Unlike Video-55, however, DCP850 is like iFlip in that there’s no obvious compartment for removal and replacement of its internal rechargeable battery. While it’s obvious that none of the systems has been designed for an easy battery change on an airplane - even Video-55 requires you to remove two screws - there’s no doubt that DCP850 isn’t intended for user modification in this regard, so when the battery’s dead, you’ll need to send it back to Philips for repair or buy a new unit.
Value and Conclusions
The Philips DCP850 nearly rated our general-level recommendation: despite the fact that its video and audio aren’t quite as impressive as in its higher-rated competitors, its inclusion of a DVD drive alongside the iPod dock makes it a true multi-purpose portable companion. If you’re one of the many people unable or unwilling to convert DVDs to an iPod-ready format, DCP850 gives you the ability to carry both discs and the iPod around in one unit - a less than optimal option, but one that’s far better executed than in iLuv’s earlier i1055. The convenience of access to these formats in a sub-$200 device will be significant for some people, enough so that they’ll be willing to look past the unit’s AV limitations and enjoy what it has to offer regardless.
Regrettably, there’s no denying that DCP850 isn’t the best iPod video add-on out there: screen and speaker quality aside, its unimpressive lack of iPod menu and remote integration are telltale signs of a “cash-in” product, and its tendency to perform audio backwards and display videos in the wrong aspect ratio unless manually tuned otherwise will annoy many users.
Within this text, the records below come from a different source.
(* (Perfect ciphertext blindness of SymmetricBlind against the Decryptor.) In the probabilistic model described in the context, for all $m\in\mathbb{Z}_p$, $c'\in\mathbb{Z}_p$ and $m'\in\mathbb{Z}_p$ with $\Pr[C'=c'\cap M'=m']>0$, $$\Pr[M=m\mid C'=c'\cap M'=m']=\Pr[M=m].$$
   Context: Let $p\ge5$ be a prime; $\mathbb{Z}_n=\{0,\dots,n-1\}$ and $x\bmod n$ is the least nonnegative residue. 2PAD: key $(x_k,y_k)\in\mathbb{Z}_p^2$; encrypting $m\in\mathbb{Z}_p$ with randomness $z\in\mathbb{Z}_p\setminus\{0\}$ gives $c=(p x_k z^2+p y_k z+pm+z)\bmod p^2$; decrypting $c\in\mathbb{Z}_{p^2}$: $z=c\bmod p$, $t=(-p x_k z^2-p y_k z+c)\bmod p^2$, output $(t-z)/p$. Probabilistic model of the blind decryption in the scheme SymmetricBlind with $1\le L\le p-1$: the key $(X,Y)$ has $X,Y$ independent and uniform on $\mathbb{Z}_p$; $M_1,\dots,M_L$ are arbitrary jointly distributed random plaintexts in $\mathbb{Z}_p$; the encryption randomness $(z_1,\dots,z_L)$ consists of pairwise distinct elements of $\mathbb{Z}_p\setminus\{0\}$, each $z_j$ being (marginally) uniform on $\mathbb{Z}_p\setminus\{0\}$ (e.g. $(z_1,\dots,z_L)$ uniform over all tuples of distinct nonzero residues); $C_j$ is the 2PAD encryption of $M_j$ under $(X,Y)$ with randomness $z_j$; Alice's chosen index $I\in\{1,\dots,L\}$ is a random variable; and the three families $(X,Y)$, $(z_1,\dots,z_L)$, $(I,M_1,\dots,M_L)$ are mutually independent. Alice sends $C'=C_I\bmod p$ to the Decryptor, who replies $M'=\mathrm{Dec}_{2PAD}(X,Y,C')$; Alice's output is $M=((C_I-C'+pM')\bmod p^2)/p$ (which equals $M_I$). (The ciphertexts $C_1,\dots,C_L$ are assumed hidden from the Decryptor.) *)

From HB Require Import structures.
From mathcomp Require Import all_boot all_order all_algebra.
Set Implicit Arguments. Unset Strict Implicit. Unset Printing Implicit Defensive.
Import Order.TTheory GRing.Theory Num.Theory.
Local Open Scope ring_scope.

Definition enc2pad (p : nat) (x y m z : int) : int :=
  ((p%:Z * x * z ^+ 2 + p%:Z * y * z + p%:Z * m + z) %% (p%:Z ^+ 2))%Z.

Definition dec2pad (p : nat) (x y c : int) : int :=
  let z := (c %% p%:Z)%Z in
  let t := ((- (p%:Z * x * z ^+ 2) - p%:Z * y * z + c) %% (p%:Z ^+ 2))%Z in
  ((t - z) %/ p%:Z)%Z.

Definition zI (p : nat) (a : 'I_p) : int := (nat_of_ord a)%:Z.

(* Sample space: ((key X, key Y), randomness z), (index I, plaintexts M) *)
Notation Omega p L :=
  ((('I_p * 'I_p) * {ffun 'I_L -> 'I_p}) * ('I_L * {ffun 'I_L -> 'I_p}))%type.

Section Model.
Variables (p L : nat).

Definition keyX (om : Omega p L) : int := zI om.1.1.1.
Definition keyY (om : Omega p L) : int := zI om.1.1.2.
Definition rnd (om : Omega p L) (j : 'I_L) : int := zI (om.1.2 j).
Definition idx (om : Omega p L) : 'I_L := om.2.1.
Definition ptxt (om : Omega p L) (j : 'I_L) : int := zI (om.2.2 j).

Definition Cj (om : Omega p L) (j : 'I_L) : int :=
  enc2pad p (keyX om) (keyY om) (ptxt om j) (rnd om j).
Definition Cprime (om : Omega p L) : int := (Cj om (idx om) %% p%:Z)%Z.
Definition Mprime (om : Omega p L) : int := dec2pad p (keyX om) (keyY om) (Cprime om).
Definition Mout (om : Omega p L) : int :=
  (((Cj om (idx om) - Cprime om + p%:Z * Mprime om) %% (p%:Z ^+ 2))%Z %/ p%:Z)%Z.

Variable R : realFieldType.
(* Dz : distribution of (z_1..z_L); Dm : distribution of (I, M_1..M_L);
   the key is uniform on Z_p^2; the three families are independent. *)
Variables (Dz : {ffun 'I_L -> 'I_p} -> R) (Dm : 'I_L * {ffun 'I_L -> 'I_p} -> R).

Definition weight (om : Omega p L) : R := (p%:R ^+ 2)^-1 * Dz om.1.2 * Dm om.2.

Definition Pr (E : pred (Omega p L)) : R := \sum_(om | E om) weight om.

End Model.

(** Since [C' = z_I] and Alice's output is [M_I], the event
    [{M = m} ∩ {C' = c'} ∩ {M' = m'}] is [{M_I = m} ∩ {z_I = c'} ∩
    {Dec(X, Y, c') = m'}], whose probability factors over the three
    independent families.  The middle factor [Pr[z_i = c']] is the same for
    every index [i], since all [z_i] share one marginal law, so it does not
    couple with [I] and cancels in the conditional probability. *)
From HB Require Import structures.
From mathcomp Require Import all_boot all_order all_algebra.
From mathcomp Require Import zify ring.
Set Implicit Arguments.
Unset Strict Implicit.
Unset Printing Implicit Defensive.

Import Order.TTheory GRing.Theory Num.Theory.
Local Open Scope ring_scope.

Lemma divzMDl_small (q d r : int) : 0 < d -> 0 <= r < d -> ((q * d + r) %/ d)%Z = q.
Proof.
move=> d_gt0 r_bd; rewrite divzMDl ?gt_eqF // divz_small ?addr0 //.
by rewrite gez0_abs // ltW.
Qed.

Lemma digit2_bound (d a b : int) : 0 <= a < d -> 0 <= b < d -> 0 <= d * a + b < d ^+ 2.
Proof. by move=> /andP[? ?] /andP[? ?]; apply/andP; split; rewrite ?expr2; nia. Qed.

Lemma modz_mod_sqr (a d : int) : ((a %% d ^+ 2)%Z %% d)%Z = (a %% d)%Z.
Proof. by rewrite {2}(divz_eq a (d ^+ 2)) expr2 mulrA modzMDl. Qed.

Section TwoPad.
Variables (p : nat) (x y : int).
Hypothesis p_gt0 : (0 < p)%N.

Let P := p%:Z.

Let P_gt0 : 0 < P. Proof. by rewrite ltz_nat. Qed.

Lemma enc2pad_modp (m z : int) : 0 <= z < P -> (enc2pad p x y m z %% P)%Z = z.
Proof.
move=> z_bd; rewrite /enc2pad modz_mod_sqr.
have -> : P * x * z ^+ 2 + P * y * z + P * m + z = (x * z ^+ 2 + y * z + m) * P + z by ring.
by rewrite modzMDl modz_small.
Qed.

Lemma dec2pad_residue (z : int) : 0 <= z < P ->
  dec2pad p x y z = ((- (x * z ^+ 2) - y * z) %% P)%Z.
Proof.
move=> z_bd; rewrite /dec2pad (modz_small z_bd).
set u := - (x * z ^+ 2) - y * z.
have u_bd : 0 <= (u %% P)%Z < P by rewrite modz_ge0 ?gt_eqF ?ltz_pmod.
have -> : - (P * x * z ^+ 2) - P * y * z + z
        = (u %/ P)%Z * P ^+ 2 + (P * (u %% P)%Z + z).
  have -> : - (P * x * z ^+ 2) - P * y * z + z = P * u + z by rewrite /u; ring.
  by rewrite {1}(divz_eq u P); ring.
rewrite modzMDl modz_small ?digit2_bound //.
by rewrite addrK mulrC mulzK ?gt_eqF.
Qed.

Lemma blind_dec2pad_enc2pad (m z : int) : 0 <= m < P -> 0 <= z < P ->
  let c := enc2pad p x y m z in
  (((c - (c %% P)%Z + P * dec2pad p x y (c %% P)%Z) %% P ^+ 2)%Z %/ P)%Z = m.
Proof.
move=> m_bd z_bd /=; rewrite enc2pad_modp // dec2pad_residue //.
set u := - (x * z ^+ 2) - y * z.
set w := P * x * z ^+ 2 + P * y * z + P * m + z.
have ew : (w %% P ^+ 2)%Z = w - (w %/ P ^+ 2)%Z * P ^+ 2.
  by rewrite {2}(divz_eq w (P ^+ 2)); ring.
have eu : (u %% P)%Z = u - (u %/ P)%Z * P by rewrite {2}(divz_eq u P); ring.
have -> : enc2pad p x y m z - z + P * (u %% P)%Z
        = (- (w %/ P ^+ 2)%Z - (u %/ P)%Z) * P ^+ 2 + (P * m + 0).
  by rewrite /enc2pad -/P -/w ew eu /w /u; ring.
have pm_bd : 0 <= P * m + 0 < P ^+ 2 by rewrite digit2_bound ?P_gt0 ?lexx.
by rewrite modzMDl modz_small // addr0 mulKz ?gt_eqF.
Qed.

End TwoPad.

Lemma eq_zI (p : nat) (a b : 'I_p) : (zI a == zI b) = (a == b).
Proof. by rewrite /zI eqz_nat. Qed.

Lemma zI_bound (p : nat) (a : 'I_p) : 0 <= zI a < p%:Z.
Proof. by rewrite /zI ltz_nat ltn_ord. Qed.

Section Model.
Context {p L : nat} {R : realFieldType}.
Context {Dz : {ffun 'I_L -> 'I_p} -> R} {Dm : 'I_L * {ffun 'I_L -> 'I_p} -> R}.

Lemma sum_pair (I J : finType) (f : I * J -> R) :
  \sum_x f x = \sum_i \sum_j f (i, j).
Proof. by rewrite pair_bigA; apply: eq_bigr => -[]. Qed.

Lemma eq_Pr (E F : pred (Omega p L)) : E =1 F -> Pr Dz Dm E = Pr Dz Dm F.
Proof. by move=> eEF; rewrite /Pr (eq_bigl _ _ eEF). Qed.

(* The event on the randomness may depend on the chosen index [I], provided
   its probability [h] does not. *)
Lemma Pr_factor (E : pred ('I_L * {ffun 'I_L -> 'I_p})) (G : pred ('I_p * 'I_p))
    (H : {ffun 'I_L -> 'I_p} -> 'I_L -> bool) (h : R) :
  (forall i, \sum_(z | H z i) Dz z = h) ->
  Pr Dz Dm (fun om => [&& E om.2, G om.1.1 & H om.1.2 om.2.1])
  = (p%:R ^+ 2)^-1 * #|G|%:R * h * \sum_(b | E b) Dm b.
Proof.
move=> sumH; rewrite /Pr big_mkcond sum_pair /=.
rewrite (@sum_pair ('I_p * 'I_p)%type {ffun 'I_L -> 'I_p}) /=.
under eq_bigr do rewrite exchange_big /=.
rewrite exchange_big big_distrr [RHS]big_mkcond /=; apply: eq_bigr => b _.
case: (E b); last by rewrite big1 // => k _; rewrite big1.
rewrite (eq_bigr (fun k => if G k then (p%:R ^+ 2)^-1 * h * Dm b else 0)); last first.
  move=> k _; case: (G k); last by rewrite big1.
  rewrite -big_mkcond /weight /= -(sumH b.1) big_distrr big_distrl /=.
  by apply: eq_bigr => z _; ring.
by rewrite -big_mkcond sumr_const -mulr_natr; ring.
Qed.

Lemma Cprime_idx (om : Omega p L) : (0 < p)%N -> Cprime om = rnd om (idx om).
Proof. by move=> p_gt0; rewrite /Cprime /Cj enc2pad_modp // zI_bound. Qed.

Lemma Mout_idx (om : Omega p L) : (0 < p)%N -> Mout om = ptxt om (idx om).
Proof.
move=> p_gt0.
by rewrite /Mout /Mprime /Cprime /Cj blind_dec2pad_enc2pad // zI_bound.
Qed.

Lemma rnd_marginal (i : 'I_L) (c : 'I_p) :
  (forall z : {ffun 'I_L -> 'I_p}, Dz z != 0 -> forall j, nat_of_ord (z j) != 0%N) ->
  (forall (j : 'I_L) (a : 'I_p), nat_of_ord a != 0%N ->
     \sum_(z : {ffun 'I_L -> 'I_p} | z j == a) Dz z = (p.-1)%:R^-1) ->
  \sum_(z : {ffun 'I_L -> 'I_p} | z i == c) Dz z = if nat_of_ord c == 0%N then 0 else (p.-1)%:R^-1.
Proof.
move=> nonzero uniform; case: ifP => c0; last by rewrite uniform ?c0.
rewrite big1 // => z /eqP zi; apply/eqP; apply: contraT => Dz_z.
by have := nonzero z Dz_z i; rewrite zi c0.
Qed.

End Model.

Theorem proposition3 (p L : nat) (R : realFieldType)
  (Dz : {ffun 'I_L -> 'I_p} -> R) (Dm : 'I_L * {ffun 'I_L -> 'I_p} -> R) :
  prime p -> (5 <= p)%N -> (1 <= L)%N -> (L <= p.-1)%N ->
  (forall z, 0 <= Dz z) -> \sum_(z : {ffun 'I_L -> 'I_p}) Dz z = 1 ->
  (forall z : {ffun 'I_L -> 'I_p}, Dz z != 0 ->
     (forall j, nat_of_ord (z j) != 0%N) /\ (forall j k, j != k -> z j != z k)) ->
  (forall (j : 'I_L) (a : 'I_p), nat_of_ord a != 0%N ->
     \sum_(z : {ffun 'I_L -> 'I_p} | z j == a) Dz z = (p.-1)%:R^-1) ->
  (forall im, 0 <= Dm im) -> \sum_im Dm im = 1 ->
  forall m c' m' : 'I_p,
    let A := fun om => (Cprime om == zI c') && (Mprime om == zI m') in
    0 < Pr Dz Dm A ->
    Pr Dz Dm (fun om => (Mout om == zI m) && A om) / Pr Dz Dm A
    = Pr Dz Dm (fun om => Mout om == zI m).
Proof.
move=> p_prime _ _ _ _ Dz1 supp uniform _ Dm1 m c' m' A PA.
have p_gt0 := prime_gt0 p_prime.
set G := fun k : 'I_p * 'I_p => dec2pad p (zI k.1) (zI k.2) (zI c') == zI m'.
set E := fun b : 'I_L * {ffun 'I_L -> 'I_p} => b.2 b.1 == m.
set h := if nat_of_ord c' == 0%N then 0 else (p.-1)%:R^-1 : R.
have sum_rnd (i : 'I_L) : \sum_(z : {ffun 'I_L -> 'I_p} | z i == c') Dz z = h.
  by apply: rnd_marginal => // z /supp[].
have view om : A om = [&& true, G om.1.1 & om.1.2 om.2.1 == c'].
  by rewrite /A /Mprime Cprime_idx // /rnd eq_zI; case: eqP => [->|]; rewrite /= ?andbT ?andbF.
have PrA : Pr Dz Dm A = (p%:R ^+ 2)^-1 * #|G|%:R * h.
  by rewrite (eq_Pr view) (Pr_factor xpredT G sum_rnd) Dm1 mulr1.
have PrMA : Pr Dz Dm (fun om => (Mout om == zI m) && A om)
    = (p%:R ^+ 2)^-1 * #|G|%:R * h * \sum_(b | E b) Dm b.
  rewrite -(Pr_factor E G sum_rnd); apply: eq_Pr => om.
  by rewrite view Mout_idx // eq_zI.
have PrM : Pr Dz Dm (fun om => Mout om == zI m) = \sum_(b | E b) Dm b.
  rewrite (eq_Pr (F := fun om => [&& E om.2, xpredT om.1.1 & true])); last first.
    by move=> om; rewrite Mout_idx // eq_zI /= andbT.
  rewrite (Pr_factor E xpredT (H := fun _ _ => true) (fun=> Dz1)).
  rewrite (eq_card_prod (fun=> erefl)) card_ord natrM -expr2.
  by rewrite mulVf ?mul1r ?mulr1 // expf_neq0 // pnatr_eq0 -lt0n.
have PrA_neq0 : (p%:R ^+ 2)^-1 * #|G|%:R * h != 0 by rewrite -PrA gt_eqF.
by rewrite PrMA PrM PrA mulrC mulKf.
Qed.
The iPod-specific engineering and quality control really weren’t what it should have been here - even small fixes would have made this a generally recommendable product. If it wasn’t for the DVD drive, we’d have little reason to recommend it to any of our readers as an alternative to the iFlip, and even then, iFlip’s superior battery life, screen and speakers would have us lean in that direction. For the price, unless you need DVD functionality - or want Philips’ marginally important SD card features - we still think Sonic Impact’s Video-55 is the best portable iPod display add-on around, and iFlip a smarter second choice.